4. using along GNU make / BSD make
From this thread https://forums.freebsd.org/threads/48534/, the moderator answered :
"It's quite common on FreeBSD to use devel/gmake. A lot of ports use it."
So my question is : Could I have 2 "Make" available in same time and switch between both.
And if yes, what is the procedure to do so; and at last can I build a library with one and use it in project built with the other ? 

Hope you could help.
Olive


----------



## ShelLuser (Jan 31, 2017)

Olivier Rassemusse said:


> So my question is : Could I have 2 "Make" available in same time and switch between both.


By default you'll have make included in the base system (/usr/bin/make) and to get a good impression on what it can do all you have to do is check the make(1) manualpage.

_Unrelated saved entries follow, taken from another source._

(* Let $\overrightarrow{W}$ be a Morse sequence on a simplicial complex $K$. Then $\overline\Phi_p=\widetilde\curlywedge_p\circ\curlywedge_p$ and $\underline\Phi_p=\widetilde\curlyvee_p\circ\curlyvee_p$ as maps $K[p]\to K[p]$, for every $p$.
   Context: A simplicial complex $K$ is a finite collection of non-empty finite sets closed under taking non-empty subsets; $\dim\sigma=|\sigma|-1$, $K^{(p)}$ the set of $p$-simplices. A pair $(\sigma,\tau)$ with $\sigma\subsetneq\tau$ is a free pair for $K$ if $\tau$ is the only simplex other than $\sigma$ containing $\sigma$; $K$ is then an elementary expansion of $K\setminus\{\sigma,\tau\}$. If $\nu$ is a facet (maximal simplex) of $K$, $K$ is an elementary filling of $K\setminus\{\nu\}$. A Morse sequence on $K$ is a sequence $\langle\emptyset=K_0,\dots,K_k=K\rangle$ with each $K_i$ an elementary expansion or filling of $K_{i-1}$; simplices added by fillings are critical; for an expansion $K_i=K_{i-1}\cup\{\sigma,\tau\}$, $\sigma\subset\tau$, $(\sigma,\tau)$ is a regular pair, $\sigma$ lower regular, $\tau$ upper regular. $\widehat W$ is the set of critical simplices. $K[p]$ is the $\mathbb{Z}_2$-vector space of subsets of $K^{(p)}$ (sum = symmetric difference, $0=\emptyset$), $\widehat W[p]=\{c\in K[p]:c\subseteq\widehat W\}$. For $\sigma\in K^{(p)}$, $\partial(\sigma)=\{\tau\in K^{(p-1)}:\tau\subset\sigma\}$, $\delta(\sigma)=\{\tau\in K^{(p+1)}:\sigma\subset\tau\}$, with linear extensions $\partial_p,\delta_p$. The reference map $\curlywedge$ is the unique map assigning to each $p$-simplex an element of $\widehat W[p]$, with linear extension $\curlywedge_p$, such that $\curlywedge(\nu)=\{\nu\}$ for critical $\nu$ and $\curlywedge(\tau)=0=\curlywedge(\partial(\tau))$ for upper regular $\tau$; the coreference map $\curlyvee$ (linear extension $\curlyvee_p$) is the unique such map with $\curlyvee(\nu)=\{\nu\}$ for critical $\nu$ and $\curlyvee(\sigma)=0=\curlyvee(\delta(\sigma))$ for lower regular $\sigma$. Extension maps: $\widetilde\curlywedge_p,\widetilde\curlyvee_p:\widehat W[p]\to K[p]$ linear with $\widetilde\curlywedge(\kappa)=\{\nu\in K:\kappa\in\curlyvee(\nu)\}$, $\widetilde\curlyvee(\kappa)=\{\nu\in K:\kappa\in\curlywedge(\nu)\}$ for critical $\kappa$. Let $V_p:K[p]\to K[p+1]$ and $V^*_p:K[p]\to K[p-1]$ be the linear maps with $V(\kappa)=V^*(\kappa)=0$ for critical $\kappa$, and $V(\sigma)=\tau$, $V(\tau)=0$, $V^*(\sigma)=0$, $V^*(\tau)=\sigma$ for each regular pair $(\sigma,\tau)$. The gradient flow $\Phi_p:K[p]\to K[p]$ and coflow $\Phi^*_p:K[p]\to K[p]$ are the linear maps with $\Phi_p(\nu)=\nu+\partial_{p+1}(V_p(\nu))+V_{p-1}(\partial_p(\nu))$ and $\Phi^*_p(\nu)=\nu+\delta_{p-1}(V^*_p(\nu))+V^*_{p+1}(\delta_p(\nu))$ for $\nu\in K^{(p)}$. For each $c\in K[p]$ there are integers $i,j\ge0$ with $\Phi^{i+1}(c)=\Phi^i(c)$ and $(\Phi^* )^{j+1}(c)=(\Phi^* )^j(c)$; one sets $\overline\Phi_p(c)=\Phi^i(c)$ and $\underline\Phi_p(c)=(\Phi^* )^j(c)$. *)

From mathcomp Require Import all_boot.
Set Implicit Arguments. Unset Strict Implicit. Unset Printing Implicit Defensive.

Section MorseDefs.
Variable V : finType.

Definition simplex := {set V}.
Definition cplx_t := {set {set V}}.

Definition is_complex (K : cplx_t) : Prop :=
  set0 \notin K /\
  (forall s t : {set V}, t \in K -> s \subset t -> s != set0 -> s \in K).

(* p-simplices: dim = |s| - 1 = p *)
Definition Kp (K : cplx_t) (p : nat) : cplx_t := [set s in K | #|s| == p.+1].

GNU make (the "Linux variant") is no different from any other 3rd party software. It can be installed through the Ports collection or using online repositories. It would be installed as /usr/local/bin/gmake and as it's name implies it'll be easy to switch between the two.

Look into devel/gmake.


----------



## fnoyanisi (Feb 1, 2017)

Some reading on BSD make; one from NetBSD folks and another online document about pmake/bmake (a bit outdated, but it's fine).

Of course, the best reading is the make (1)manual page. I would recommend having a look at style.Makefile(5) as well.


----------